What you have to do:
Copy out every line from the records that includes "mathcomp".
== Provided records ==
Lemma apply_layer_inj (U : layer D L) : layer_ok U -> injective (apply_layer U).
Proof.
elim: U => [_ s t //|[[i j] V] U IH] /layer_ok_consP [/lat_adj_neq ij _ _ okU].
by move=> s t /= /(apply_gate_inj ij) /(IH okU).
Qed.

Lemma apply_layer_notin (U : layer D L) (s : pauli) x :
  x \notin layer_sites U -> apply_layer U s x = s x.
Proof.
elim: U => //= [[[i j] V] U IH]; rewrite /layer_sites /= !inE !negb_or.
by case/and3P => xi xj xU; rewrite ffunE (negbTE xi) (negbTE xj) IH.
Qed.

(* The gates of a layer act on disjoint nearest-neighbour pairs. *)
Lemma apply_layer_support (U : layer D L) (s : pauli) x : layer_ok U ->
  apply_layer U s x != p0 -> exists2 y, s y != p0 & nearby 1 y x.
Proof.
elim: U x => [|[[i j] V] U IH] x /=.
  by move=> _ sx; exists x => //; apply: nearby_refl.
case/layer_ok_consP => adj ni nj okU.
case/apply_gate_support => y sy /orP [/eqP <-|/andP [xij yij]]; first exact: IH.
have yU : y \notin layer_sites U.
  by move: yij ni; rewrite !inE => /orP [] /eqP -> //; rewrite negb_or => /andP [].
exists y; first by rewrite -(apply_layer_notin s yU).
move: xij yij; rewrite !inE => /orP [] /eqP -> /orP [] /eqP ->;
  first [exact: nearby_refl | exact: lat_adj_nearby
        | rewrite nearby_sym; exact: lat_adj_nearby].
Qed.

Section Circuit.
Variable Ls : seq (layer D L).
Hypothesis okLs : all (@layer_ok D L) Ls.

Definition circuit_heis (P : pauli) := foldr (@apply_layer D L) P Ls.

Lemma circuit_heis_commute (s t : pauli) :
  commute (circuit_heis s) (circuit_heis t) = commute s t.
Proof.
rewrite /circuit_heis; elim: Ls okLs => //= U Ls' IH /andP [okU okLs'].
by rewrite apply_layer_commute // IH.
Qed.

Lemma circuit_heis_inj : injective circuit_heis.
Proof.
rewrite /circuit_heis; elim: Ls okLs => [_ s t //|U Ls' IH] /= /andP [okU okLs'].
by move=> s t /(apply_layer_inj okU) /(IH okLs').
Qed.
Lemma integral_pos_part : 0 < mu Rpos ->
  \int[mu]_x (((@idfun R)^\+ x)%:E) = \int[mu]_x (Uplus mu * \1_Rpos x)%:E.
Proof.
move=> mu_pos.
rewrite [RHS](eq_integral (fun x : R => (Uplus mu)%:E * (\1_Rpos x)%:E)); last first.
  by move=> x _; rewrite EFinM.
rewrite ge0_integralZl_EFin ?Uplus_ge0 //; last first.
  by apply/measurable_EFinP; exact: measurable_indic measurable_Rpos.
have Rpos_fin : mu Rpos \is a fin_num by rewrite fin_num_measure //; exact: measurable_Rpos.
have int_fin : \int[mu]_(x in Rpos) x%:E \is a fin_num.
  apply: integrable_fin_num; first exact: measurable_Rpos.
  exact: (integrableS measurableT measurable_Rpos) mu_int.
rewrite integral_indic ?setIT //; last exact: measurable_Rpos.
transitivity ((Uplus mu * fine (mu Rpos))%:E); last by rewrite EFinM fineK.
rewrite /Uplus divfK; last by rewrite gt_eqF // -lte_fin fineK.
rewrite fineK // [RHS]integral_mkcond; apply: eq_integral => x _.
rewrite patchE /funrpos /=; case: ifPn => [/set_mem /= x0|/negP xpos].
  by rewrite max_l // ltW.
by rewrite max_r // leNgt; apply/negP => x0; apply: xpos; exact: mem_set.
Qed.

Lemma integral_neg_part : ~ law_support mu 0%R -> mu Rpos < 1 ->
  \int[mu]_x (((@idfun R)^\- x)%:E) = \int[mu]_x (Uminus mu * \1_(~` Rpos) x)%:E.
Proof.
move=> not0 mu_lt1.
have mnpos := measurableC measurable_Rpos.
rewrite [RHS](eq_integral (fun x : R => (Uminus mu)%:E * (\1_(~` Rpos) x)%:E)); last first.
  by move=> x _; rewrite EFinM.
rewrite ge0_integralZl_EFin ?Uminus_ge0 //; last exact/measurable_EFinP/measurable_indic.
have neg_gt0 : 0 < mu [set x | x < 0]%R.
  rewrite -measure_not_Rpos // probability_setC; last exact: measurable_Rpos.
  by rewrite sube_gt0.
have neg_fin : mu [set x | x < 0]%R \is a fin_num.
  by rewrite fin_num_measure //; exact: measurable_Rneg.
have int_fin : \int[mu]_(x in [set x | x < 0]%R) (- x)%:E \is a fin_num.
  apply: integrable_fin_num; first exact: measurable_Rneg.
  apply: (integrableS measurableT measurable_Rneg) => //.
  apply: (eq_integrable measurableT _ _ _ (integrableN mu_int)) => x _.
  by rewrite /= EFinN.
rewrite integral_indic ?setIT //.
transitivity ((Uminus mu * fine (mu [set x | x < 0]%R))%:E).
  rewrite /Uminus divfK; last by rewrite gt_eqF // -lte_fin fineK.
  rewrite fineK // [RHS]integral_mkcond; apply: eq_integral => x _.
  rewrite patchE /funrneg /=; case: ifPn => [/set_mem /= x0|/negP xneg].
    by rewrite max_l // oppr_ge0 ltW.
  by rewrite max_r // oppr_le0 leNgt; apply/negP => x0; apply: xneg; exact: mem_set.
rewrite EFinM fineK //; congr (_ * _); symmetry; exact: measure_not_Rpos.
Qed.
(* Let $d\in\mathbb N$, $\varepsilon\in(0,1)$, and consider Thiémard's decomposition process of $[0,1)^d$ described in the context. Let $P$ be a box generated in the process that is decomposed via DECOMPOSE$(P,j)$ for some type $j\in\{1,\dots,d\}$, and assume $\delta^P W(P)>\varepsilon$. Then for every $i\in\{j,\dots,d\}$ the child $Q^P_i$ (of type $i$) is itself decomposed, and $$\delta^{Q_i^P}=\left(\frac{W(P)-\varepsilon/\delta^P}{W(P)-\varepsilon}\right)^{\frac{1}{d-i+1}}\delta^P .$$ Moreover, the right-hand side, viewed as the function $g(\delta,w,i)=\big(\frac{w-\varepsilon/\delta}{w-\varepsilon}\big)^{1/(d-i+1)}\delta$ on the domain $\delta\in(0,1)$, $w>\varepsilon/\delta$, $i\in\{1,\dots,d\}$, is strictly increasing in $\delta$, strictly increasing in $w$, and strictly decreasing in $i$.
   Context: Fix $d\in\mathbb N$ and $\varepsilon\in(0,1]$. For $x,y\in[0,1]^d$ write $[x,y)=\prod_{i=1}^d[x_i,y_i)$ and define the weight $W([x,y))=\prod_{i=1}^d y_i-\prod_{i=1}^d x_i$. Thiémard's decomposition process generates boxes, each with a type in $\{1,\dots,d+1\}$. It starts with $I^d=[0,1)^d=[(0,\dots,0),(1,\dots,1))$, of type $1$. Whenever a generated box $P=[\alpha,\beta)$ has type $j\le d$ and $W(P)>\varepsilon$, it is decomposed (procedure DECOMPOSE$(P,j)$) as follows: put $$\delta^P=\left(\frac{\prod_{i=1}^d\beta_i-\varepsilon}{\prod_{i=1}^{j-1}\alpha_i\prod_{i=j}^d\beta_i}\right)^{1/(d-j+1)},\qquad \gamma^P_i=\alpha_i\ (i<j),\quad \gamma^P_i=\delta^P\beta_i\ (i\ge j).$$ The children of $P$ are the boxes $Q^P_k=[a^{(k)},b^{(k)})$ for $k=j,\dots,d$, where $a^{(k)}_i=\gamma^P_i$ for $i<k$, $a^{(k)}_i=\alpha_i$ for $i\ge k$, $b^{(k)}_k=\gamma^P_k$, $b^{(k)}_i=\beta_i$ for $i\neq k$; the box $Q^P_k$ has type $k$. In addition $P$ has the child $Q^P_{d+1}=[\gamma^P,\beta)$ of type $d+1$. A generated box of type $d+1$ or of weight at most $\varepsilon$ is not decomposed. (Known facts from Thiémard: $\delta^P\in(0,1)$; the process terminates after finitely many steps; $W(Q^P_{d+1})=\varepsilon$ and $W(Q^P_k)=\delta^PW(P)$ for $j\le k\le d$.) *)

From HB Require Import structures.
From mathcomp Require Import all_boot all_order all_algebra.
From mathcomp Require Import reals exp.
Set Implicit Arguments. Unset Strict Implicit. Unset Printing Implicit Defensive.
Import Order.TTheory GRing.Theory Num.Theory.
Local Open Scope ring_scope.

(* Points of [0,1]^d are functions nat -> R; only coordinates 1..d are used
   (1-based indexing as in the paper).  A box [x,y) is the pair (x,y). *)
Definition point (R : realType) := nat -> R.
Definition box (R : realType) := (point R * point R)%type.

Section Thiemard.
Variables (R : realType) (d : nat) (eps : R).

Definition vol (x : point R) : R := \prod_(1 <= i < d.+1) x i.

Definition W (P : box R) : R := vol P.2 - vol P.1.

Definition delta (P : box R) (j : nat) : R :=
  ((vol P.2 - eps) /
     ((\prod_(1 <= i < j) P.1 i) * (\prod_(j <= i < d.+1) P.2 i)))
  `^ (1 / (d.+1 - j)%:R).

Definition gamma (P : box R) (j : nat) : point R :=
  fun i => if (i < j)%N then P.1 i else delta P j * P.2 i.

Definition child (P : box R) (j k : nat) : box R :=
  if (k <= d)%N then
    ((fun i => if (i < k)%N then gamma P j i else P.1 i),
     (fun i => if i == k then gamma P j k else P.2 i))
  else (gamma P j, P.2).

Inductive generated : box R -> nat -> Prop :=
| gen_init : generated (fun _ => 0, fun _ => 1) 1
| gen_child : forall P j k, generated P j -> (j <= d)%N -> eps < W P ->
    (j <= k <= d.+1)%N -> generated (child P j k) k.

Definition decomposed (P : box R) (j : nat) : Prop :=
  [/\ generated P j, (1 <= j <= d)%N & eps < W P].

Definition g (dl w : R) (i : nat) : R :=
  ((w - eps / dl) / (w - eps)) `^ (1 / (d.+1 - i)%:R) * dl.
===
Solved problem:
From mathcomp Require Import all_boot all_order all_algebra.
From mathcomp Require Import reals exp.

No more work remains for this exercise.